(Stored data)
━━━━━━
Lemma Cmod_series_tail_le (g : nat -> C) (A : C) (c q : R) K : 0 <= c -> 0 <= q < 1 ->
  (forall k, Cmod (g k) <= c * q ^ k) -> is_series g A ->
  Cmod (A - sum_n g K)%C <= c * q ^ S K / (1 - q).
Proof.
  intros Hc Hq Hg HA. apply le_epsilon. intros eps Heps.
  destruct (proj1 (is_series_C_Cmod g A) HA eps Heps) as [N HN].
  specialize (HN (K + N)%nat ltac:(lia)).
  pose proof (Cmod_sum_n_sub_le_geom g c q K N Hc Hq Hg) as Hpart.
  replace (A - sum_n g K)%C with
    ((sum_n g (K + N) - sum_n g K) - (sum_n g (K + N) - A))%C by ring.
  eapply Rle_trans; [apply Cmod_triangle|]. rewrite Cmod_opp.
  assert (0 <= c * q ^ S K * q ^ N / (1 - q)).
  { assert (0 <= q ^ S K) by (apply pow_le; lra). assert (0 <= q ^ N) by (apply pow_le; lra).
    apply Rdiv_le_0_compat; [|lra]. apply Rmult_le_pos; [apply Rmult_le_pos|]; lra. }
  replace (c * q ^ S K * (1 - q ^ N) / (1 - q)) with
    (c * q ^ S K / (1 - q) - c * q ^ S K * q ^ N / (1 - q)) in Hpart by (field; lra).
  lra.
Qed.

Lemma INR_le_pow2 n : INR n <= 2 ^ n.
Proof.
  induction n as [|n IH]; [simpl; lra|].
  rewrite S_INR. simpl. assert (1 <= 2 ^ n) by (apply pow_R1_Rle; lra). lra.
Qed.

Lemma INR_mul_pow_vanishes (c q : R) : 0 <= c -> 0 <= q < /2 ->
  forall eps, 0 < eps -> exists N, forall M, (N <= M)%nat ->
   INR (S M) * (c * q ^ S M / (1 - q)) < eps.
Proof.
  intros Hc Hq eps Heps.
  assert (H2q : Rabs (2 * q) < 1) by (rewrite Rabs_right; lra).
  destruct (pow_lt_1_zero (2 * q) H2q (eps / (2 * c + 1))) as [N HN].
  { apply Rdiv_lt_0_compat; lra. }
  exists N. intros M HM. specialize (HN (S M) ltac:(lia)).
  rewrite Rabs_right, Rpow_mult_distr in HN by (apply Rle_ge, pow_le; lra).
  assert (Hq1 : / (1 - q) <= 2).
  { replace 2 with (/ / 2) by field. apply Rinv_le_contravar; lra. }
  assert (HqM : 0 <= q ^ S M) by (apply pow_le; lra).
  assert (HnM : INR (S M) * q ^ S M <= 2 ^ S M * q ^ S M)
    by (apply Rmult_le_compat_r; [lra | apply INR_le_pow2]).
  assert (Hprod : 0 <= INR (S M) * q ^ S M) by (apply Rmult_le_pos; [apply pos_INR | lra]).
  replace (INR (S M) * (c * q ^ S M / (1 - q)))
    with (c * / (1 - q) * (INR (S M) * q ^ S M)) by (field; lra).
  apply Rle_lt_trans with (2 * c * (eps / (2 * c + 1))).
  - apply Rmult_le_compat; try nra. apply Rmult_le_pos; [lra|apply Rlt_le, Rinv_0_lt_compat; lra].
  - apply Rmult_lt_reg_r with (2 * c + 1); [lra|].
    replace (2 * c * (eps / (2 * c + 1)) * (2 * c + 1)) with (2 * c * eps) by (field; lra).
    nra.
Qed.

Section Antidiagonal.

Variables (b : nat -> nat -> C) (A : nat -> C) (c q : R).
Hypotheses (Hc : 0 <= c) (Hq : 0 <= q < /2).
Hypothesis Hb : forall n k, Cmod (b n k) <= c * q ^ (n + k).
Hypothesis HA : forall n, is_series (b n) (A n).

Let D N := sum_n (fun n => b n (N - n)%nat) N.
━━━━━━
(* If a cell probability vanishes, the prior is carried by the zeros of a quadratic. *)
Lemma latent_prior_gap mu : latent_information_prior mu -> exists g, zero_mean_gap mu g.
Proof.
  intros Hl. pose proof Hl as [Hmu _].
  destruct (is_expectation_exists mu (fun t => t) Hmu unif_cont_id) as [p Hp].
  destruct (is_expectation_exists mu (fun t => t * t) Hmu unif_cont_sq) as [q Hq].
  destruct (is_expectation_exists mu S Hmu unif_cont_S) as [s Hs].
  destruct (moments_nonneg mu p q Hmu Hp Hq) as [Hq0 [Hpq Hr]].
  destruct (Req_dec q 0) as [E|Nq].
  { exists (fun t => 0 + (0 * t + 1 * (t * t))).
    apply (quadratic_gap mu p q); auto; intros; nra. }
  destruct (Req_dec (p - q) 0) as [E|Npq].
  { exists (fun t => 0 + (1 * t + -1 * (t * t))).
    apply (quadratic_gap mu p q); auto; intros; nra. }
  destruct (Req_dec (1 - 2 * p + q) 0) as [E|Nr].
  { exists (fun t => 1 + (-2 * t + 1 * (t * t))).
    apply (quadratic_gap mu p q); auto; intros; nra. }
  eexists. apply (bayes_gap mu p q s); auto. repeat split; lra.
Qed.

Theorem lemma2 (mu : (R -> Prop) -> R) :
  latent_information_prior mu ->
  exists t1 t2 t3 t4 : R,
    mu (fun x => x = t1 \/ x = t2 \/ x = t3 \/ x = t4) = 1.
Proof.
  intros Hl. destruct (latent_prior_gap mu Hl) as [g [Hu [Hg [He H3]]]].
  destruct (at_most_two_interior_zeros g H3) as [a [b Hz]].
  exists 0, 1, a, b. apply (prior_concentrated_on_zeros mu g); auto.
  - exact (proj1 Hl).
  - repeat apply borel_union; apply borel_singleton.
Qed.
━━━━━━
## EXERCISE PROMPT
Return each line of the data above that includes the word "specialize".

## RESULT OF THIS TASK
  specialize (HN (K + N)%nat ltac:(lia)).
  exists N. intros M HM. specialize (HN (S M) ltac:(lia)).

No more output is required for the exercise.